* _DATA FOR ANALYSIS_
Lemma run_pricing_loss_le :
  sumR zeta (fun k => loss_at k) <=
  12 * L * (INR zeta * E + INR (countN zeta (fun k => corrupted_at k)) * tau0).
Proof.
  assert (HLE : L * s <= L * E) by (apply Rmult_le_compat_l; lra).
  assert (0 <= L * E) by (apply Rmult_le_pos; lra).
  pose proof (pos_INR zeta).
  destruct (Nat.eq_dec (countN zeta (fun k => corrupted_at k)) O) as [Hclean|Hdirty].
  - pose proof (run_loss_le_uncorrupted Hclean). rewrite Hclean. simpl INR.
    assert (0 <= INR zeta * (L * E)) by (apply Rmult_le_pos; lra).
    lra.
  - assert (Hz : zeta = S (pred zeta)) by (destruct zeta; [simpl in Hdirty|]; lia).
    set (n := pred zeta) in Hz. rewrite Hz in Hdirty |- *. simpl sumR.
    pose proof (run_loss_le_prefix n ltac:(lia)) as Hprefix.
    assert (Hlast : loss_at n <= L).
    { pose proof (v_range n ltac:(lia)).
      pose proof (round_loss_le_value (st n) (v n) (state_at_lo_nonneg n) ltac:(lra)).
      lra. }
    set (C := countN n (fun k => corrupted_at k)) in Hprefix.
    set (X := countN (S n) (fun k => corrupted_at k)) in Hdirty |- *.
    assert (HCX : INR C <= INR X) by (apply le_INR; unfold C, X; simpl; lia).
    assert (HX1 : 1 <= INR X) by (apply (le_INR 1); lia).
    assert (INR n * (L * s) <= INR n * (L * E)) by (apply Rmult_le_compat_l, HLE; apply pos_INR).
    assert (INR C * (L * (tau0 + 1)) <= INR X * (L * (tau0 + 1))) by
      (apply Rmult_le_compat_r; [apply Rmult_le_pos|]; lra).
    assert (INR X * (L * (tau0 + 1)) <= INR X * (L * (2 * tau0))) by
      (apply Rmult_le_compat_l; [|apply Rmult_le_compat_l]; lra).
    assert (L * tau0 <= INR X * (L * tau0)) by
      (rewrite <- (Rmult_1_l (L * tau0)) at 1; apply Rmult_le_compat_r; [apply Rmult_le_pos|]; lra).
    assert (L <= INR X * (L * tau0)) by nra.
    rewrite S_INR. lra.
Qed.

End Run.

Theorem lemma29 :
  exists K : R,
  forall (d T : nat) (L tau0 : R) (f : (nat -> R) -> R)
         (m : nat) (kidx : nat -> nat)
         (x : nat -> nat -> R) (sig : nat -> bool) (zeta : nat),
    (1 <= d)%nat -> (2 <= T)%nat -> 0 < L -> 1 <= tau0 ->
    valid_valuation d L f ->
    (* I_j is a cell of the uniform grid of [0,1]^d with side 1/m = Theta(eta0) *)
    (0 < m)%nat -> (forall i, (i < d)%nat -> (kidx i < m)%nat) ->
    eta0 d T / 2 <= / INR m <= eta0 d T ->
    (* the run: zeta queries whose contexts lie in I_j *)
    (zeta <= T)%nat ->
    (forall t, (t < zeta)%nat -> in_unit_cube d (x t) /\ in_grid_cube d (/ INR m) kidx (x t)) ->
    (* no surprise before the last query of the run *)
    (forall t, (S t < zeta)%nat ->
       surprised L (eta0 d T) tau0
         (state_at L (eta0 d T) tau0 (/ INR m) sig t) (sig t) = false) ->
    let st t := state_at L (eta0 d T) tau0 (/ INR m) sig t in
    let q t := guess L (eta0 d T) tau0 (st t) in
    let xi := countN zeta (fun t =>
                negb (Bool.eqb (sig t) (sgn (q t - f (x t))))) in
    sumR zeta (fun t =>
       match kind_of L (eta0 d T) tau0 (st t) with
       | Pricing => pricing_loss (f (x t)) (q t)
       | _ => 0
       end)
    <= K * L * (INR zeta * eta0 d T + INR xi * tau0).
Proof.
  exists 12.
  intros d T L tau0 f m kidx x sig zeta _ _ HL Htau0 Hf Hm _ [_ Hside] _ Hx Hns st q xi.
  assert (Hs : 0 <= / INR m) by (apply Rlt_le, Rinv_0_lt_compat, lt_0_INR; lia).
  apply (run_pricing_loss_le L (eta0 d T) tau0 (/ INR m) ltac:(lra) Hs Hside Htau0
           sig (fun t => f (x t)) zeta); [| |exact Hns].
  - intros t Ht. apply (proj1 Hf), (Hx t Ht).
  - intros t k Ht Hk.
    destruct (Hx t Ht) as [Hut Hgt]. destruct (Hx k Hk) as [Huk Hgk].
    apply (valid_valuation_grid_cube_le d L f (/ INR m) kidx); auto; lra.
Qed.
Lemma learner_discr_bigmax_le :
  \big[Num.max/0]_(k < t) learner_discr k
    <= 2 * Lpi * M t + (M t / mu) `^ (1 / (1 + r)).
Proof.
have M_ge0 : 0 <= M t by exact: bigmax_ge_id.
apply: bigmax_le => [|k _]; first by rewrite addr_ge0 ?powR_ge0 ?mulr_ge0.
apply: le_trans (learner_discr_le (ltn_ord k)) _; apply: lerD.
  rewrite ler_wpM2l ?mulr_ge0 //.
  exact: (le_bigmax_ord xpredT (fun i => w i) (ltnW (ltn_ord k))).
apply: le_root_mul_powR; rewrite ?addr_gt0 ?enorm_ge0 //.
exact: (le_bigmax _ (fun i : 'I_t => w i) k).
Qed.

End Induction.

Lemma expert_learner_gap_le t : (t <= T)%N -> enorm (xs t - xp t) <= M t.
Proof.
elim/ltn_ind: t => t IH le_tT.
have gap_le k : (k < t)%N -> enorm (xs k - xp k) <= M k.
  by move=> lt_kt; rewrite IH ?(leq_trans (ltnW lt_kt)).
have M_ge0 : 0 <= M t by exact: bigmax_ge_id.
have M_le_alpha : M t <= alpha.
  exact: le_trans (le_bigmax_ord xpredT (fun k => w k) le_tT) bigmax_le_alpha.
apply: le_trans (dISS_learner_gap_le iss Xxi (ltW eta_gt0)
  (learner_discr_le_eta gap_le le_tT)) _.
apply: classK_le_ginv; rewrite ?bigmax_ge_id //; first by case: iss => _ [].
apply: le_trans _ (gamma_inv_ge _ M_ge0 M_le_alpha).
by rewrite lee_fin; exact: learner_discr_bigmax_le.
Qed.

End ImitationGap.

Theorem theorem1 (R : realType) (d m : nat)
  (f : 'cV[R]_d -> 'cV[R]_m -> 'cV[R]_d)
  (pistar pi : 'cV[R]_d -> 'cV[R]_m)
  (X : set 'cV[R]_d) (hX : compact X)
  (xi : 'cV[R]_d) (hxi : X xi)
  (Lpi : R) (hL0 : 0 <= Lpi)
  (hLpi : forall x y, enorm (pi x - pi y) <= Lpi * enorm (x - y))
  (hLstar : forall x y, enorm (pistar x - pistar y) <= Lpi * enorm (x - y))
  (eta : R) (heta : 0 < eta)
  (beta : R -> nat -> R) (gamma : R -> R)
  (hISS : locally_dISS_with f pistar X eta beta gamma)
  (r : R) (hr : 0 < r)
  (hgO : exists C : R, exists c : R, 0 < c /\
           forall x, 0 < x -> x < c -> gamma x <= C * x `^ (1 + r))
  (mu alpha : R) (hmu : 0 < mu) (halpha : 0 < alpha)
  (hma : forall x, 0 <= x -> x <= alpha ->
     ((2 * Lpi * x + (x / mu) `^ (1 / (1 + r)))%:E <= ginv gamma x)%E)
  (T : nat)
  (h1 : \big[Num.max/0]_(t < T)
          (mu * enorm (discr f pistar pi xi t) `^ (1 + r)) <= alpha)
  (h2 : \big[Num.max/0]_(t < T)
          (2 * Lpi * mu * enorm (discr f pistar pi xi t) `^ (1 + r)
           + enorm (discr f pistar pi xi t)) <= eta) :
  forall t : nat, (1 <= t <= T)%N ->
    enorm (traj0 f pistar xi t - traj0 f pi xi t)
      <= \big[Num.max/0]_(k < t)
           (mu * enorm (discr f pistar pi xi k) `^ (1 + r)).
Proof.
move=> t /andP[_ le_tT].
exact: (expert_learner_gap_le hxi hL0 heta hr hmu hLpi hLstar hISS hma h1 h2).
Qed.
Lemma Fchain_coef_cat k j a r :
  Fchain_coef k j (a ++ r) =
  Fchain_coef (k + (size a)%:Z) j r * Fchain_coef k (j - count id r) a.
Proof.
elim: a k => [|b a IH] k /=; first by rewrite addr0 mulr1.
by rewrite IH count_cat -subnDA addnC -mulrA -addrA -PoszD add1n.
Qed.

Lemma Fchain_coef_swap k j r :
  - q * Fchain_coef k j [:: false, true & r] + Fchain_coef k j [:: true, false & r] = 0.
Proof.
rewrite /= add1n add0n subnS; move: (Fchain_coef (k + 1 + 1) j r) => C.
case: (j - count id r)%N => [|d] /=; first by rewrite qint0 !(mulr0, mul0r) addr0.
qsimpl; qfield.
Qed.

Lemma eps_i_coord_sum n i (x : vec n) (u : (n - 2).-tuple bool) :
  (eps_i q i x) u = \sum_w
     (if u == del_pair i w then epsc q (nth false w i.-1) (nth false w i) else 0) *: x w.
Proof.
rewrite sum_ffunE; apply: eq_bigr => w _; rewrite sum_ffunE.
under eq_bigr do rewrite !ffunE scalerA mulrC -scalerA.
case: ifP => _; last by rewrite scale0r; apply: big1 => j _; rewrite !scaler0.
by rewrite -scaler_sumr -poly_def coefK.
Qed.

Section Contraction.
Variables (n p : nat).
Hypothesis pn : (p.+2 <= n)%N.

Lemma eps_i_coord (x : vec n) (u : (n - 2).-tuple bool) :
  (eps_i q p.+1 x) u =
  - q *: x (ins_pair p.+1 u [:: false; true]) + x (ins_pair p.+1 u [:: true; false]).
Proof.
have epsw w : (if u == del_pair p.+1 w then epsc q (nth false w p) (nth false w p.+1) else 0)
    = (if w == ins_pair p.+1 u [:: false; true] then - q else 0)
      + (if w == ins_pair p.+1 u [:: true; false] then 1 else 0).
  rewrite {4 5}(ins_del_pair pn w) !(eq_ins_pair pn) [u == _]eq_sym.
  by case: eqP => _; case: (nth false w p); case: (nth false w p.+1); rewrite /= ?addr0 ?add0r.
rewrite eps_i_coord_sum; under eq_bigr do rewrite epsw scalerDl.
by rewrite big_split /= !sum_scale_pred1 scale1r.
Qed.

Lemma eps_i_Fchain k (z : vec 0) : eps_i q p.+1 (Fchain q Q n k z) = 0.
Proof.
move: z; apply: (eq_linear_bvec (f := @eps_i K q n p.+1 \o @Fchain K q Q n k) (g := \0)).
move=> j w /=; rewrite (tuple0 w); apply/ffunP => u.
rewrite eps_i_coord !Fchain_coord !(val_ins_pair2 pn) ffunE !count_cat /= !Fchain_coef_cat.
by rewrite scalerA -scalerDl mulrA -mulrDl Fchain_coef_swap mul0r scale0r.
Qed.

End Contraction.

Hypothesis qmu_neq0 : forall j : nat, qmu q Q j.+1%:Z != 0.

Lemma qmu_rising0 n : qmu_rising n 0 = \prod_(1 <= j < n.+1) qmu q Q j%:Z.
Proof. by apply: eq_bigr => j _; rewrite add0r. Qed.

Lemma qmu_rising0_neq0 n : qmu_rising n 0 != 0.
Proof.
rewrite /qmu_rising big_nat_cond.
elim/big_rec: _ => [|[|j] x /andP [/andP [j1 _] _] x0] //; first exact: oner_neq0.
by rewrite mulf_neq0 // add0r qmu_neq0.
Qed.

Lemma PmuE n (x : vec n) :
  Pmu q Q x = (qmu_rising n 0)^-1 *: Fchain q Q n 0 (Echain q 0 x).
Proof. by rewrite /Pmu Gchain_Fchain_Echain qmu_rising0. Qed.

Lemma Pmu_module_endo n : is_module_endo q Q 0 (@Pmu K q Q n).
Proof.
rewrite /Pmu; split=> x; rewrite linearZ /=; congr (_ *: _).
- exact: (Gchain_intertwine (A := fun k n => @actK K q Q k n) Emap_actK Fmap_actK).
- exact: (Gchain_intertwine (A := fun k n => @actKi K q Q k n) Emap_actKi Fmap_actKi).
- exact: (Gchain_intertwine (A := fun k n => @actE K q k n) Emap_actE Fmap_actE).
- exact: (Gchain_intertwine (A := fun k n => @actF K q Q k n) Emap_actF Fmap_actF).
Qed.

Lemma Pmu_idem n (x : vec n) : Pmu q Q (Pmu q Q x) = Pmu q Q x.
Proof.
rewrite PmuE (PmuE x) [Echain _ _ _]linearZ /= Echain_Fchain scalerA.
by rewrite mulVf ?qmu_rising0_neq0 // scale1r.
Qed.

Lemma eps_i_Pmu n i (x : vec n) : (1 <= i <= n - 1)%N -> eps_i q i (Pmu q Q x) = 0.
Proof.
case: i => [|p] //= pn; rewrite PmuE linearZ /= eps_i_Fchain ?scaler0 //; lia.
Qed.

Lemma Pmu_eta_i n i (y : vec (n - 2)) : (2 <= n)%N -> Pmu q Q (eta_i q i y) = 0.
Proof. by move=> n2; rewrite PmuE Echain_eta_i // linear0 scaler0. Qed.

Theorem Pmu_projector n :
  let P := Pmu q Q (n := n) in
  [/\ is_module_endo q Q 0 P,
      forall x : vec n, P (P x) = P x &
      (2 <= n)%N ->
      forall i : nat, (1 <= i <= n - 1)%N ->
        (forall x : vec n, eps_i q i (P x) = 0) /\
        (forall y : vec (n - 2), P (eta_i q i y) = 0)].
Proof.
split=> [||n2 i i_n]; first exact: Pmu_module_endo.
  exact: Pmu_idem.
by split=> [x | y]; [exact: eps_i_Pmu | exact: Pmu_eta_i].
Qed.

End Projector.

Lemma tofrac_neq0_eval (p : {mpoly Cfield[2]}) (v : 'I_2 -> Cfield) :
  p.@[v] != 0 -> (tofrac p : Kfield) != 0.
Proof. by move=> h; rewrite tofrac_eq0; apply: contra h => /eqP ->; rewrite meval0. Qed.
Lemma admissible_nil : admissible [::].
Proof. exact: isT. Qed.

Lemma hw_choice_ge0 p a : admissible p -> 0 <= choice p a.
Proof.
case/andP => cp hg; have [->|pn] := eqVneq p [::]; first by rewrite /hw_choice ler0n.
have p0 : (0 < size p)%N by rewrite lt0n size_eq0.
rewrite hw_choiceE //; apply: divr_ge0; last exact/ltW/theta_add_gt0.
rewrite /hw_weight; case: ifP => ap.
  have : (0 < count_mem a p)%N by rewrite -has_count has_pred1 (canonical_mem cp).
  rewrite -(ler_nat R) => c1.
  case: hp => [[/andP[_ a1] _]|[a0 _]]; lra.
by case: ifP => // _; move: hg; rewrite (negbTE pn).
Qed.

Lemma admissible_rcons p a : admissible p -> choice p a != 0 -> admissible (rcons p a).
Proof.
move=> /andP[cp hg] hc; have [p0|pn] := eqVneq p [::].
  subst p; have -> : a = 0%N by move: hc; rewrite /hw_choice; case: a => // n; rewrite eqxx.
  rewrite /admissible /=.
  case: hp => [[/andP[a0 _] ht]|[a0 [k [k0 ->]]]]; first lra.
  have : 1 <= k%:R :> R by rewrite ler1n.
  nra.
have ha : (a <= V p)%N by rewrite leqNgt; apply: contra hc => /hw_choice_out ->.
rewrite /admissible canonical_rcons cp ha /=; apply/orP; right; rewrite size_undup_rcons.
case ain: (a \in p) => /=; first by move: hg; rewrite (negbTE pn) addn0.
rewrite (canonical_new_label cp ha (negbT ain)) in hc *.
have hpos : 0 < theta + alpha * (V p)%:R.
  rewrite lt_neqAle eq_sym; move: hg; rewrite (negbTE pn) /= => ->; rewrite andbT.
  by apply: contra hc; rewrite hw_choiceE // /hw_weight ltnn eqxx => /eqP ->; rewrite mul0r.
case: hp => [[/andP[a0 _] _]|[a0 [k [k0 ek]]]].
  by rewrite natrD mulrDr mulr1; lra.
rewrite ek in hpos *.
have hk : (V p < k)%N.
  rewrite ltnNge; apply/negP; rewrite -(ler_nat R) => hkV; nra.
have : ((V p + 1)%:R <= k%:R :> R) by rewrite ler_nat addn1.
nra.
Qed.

* _TASK INSTRUCTIONS_
Across all the records, find the lines containing the word "intros" and reproduce each one.

* _SOLUTION TO THIS PROBLEM_
  intros d T L tau0 f m kidx x sig zeta _ _ HL Htau0 Hf Hm _ [_ Hside] _ Hx Hns st q xi.
  - intros t Ht. apply (proj1 Hf), (Hx t Ht).
  - intros t k Ht Hk.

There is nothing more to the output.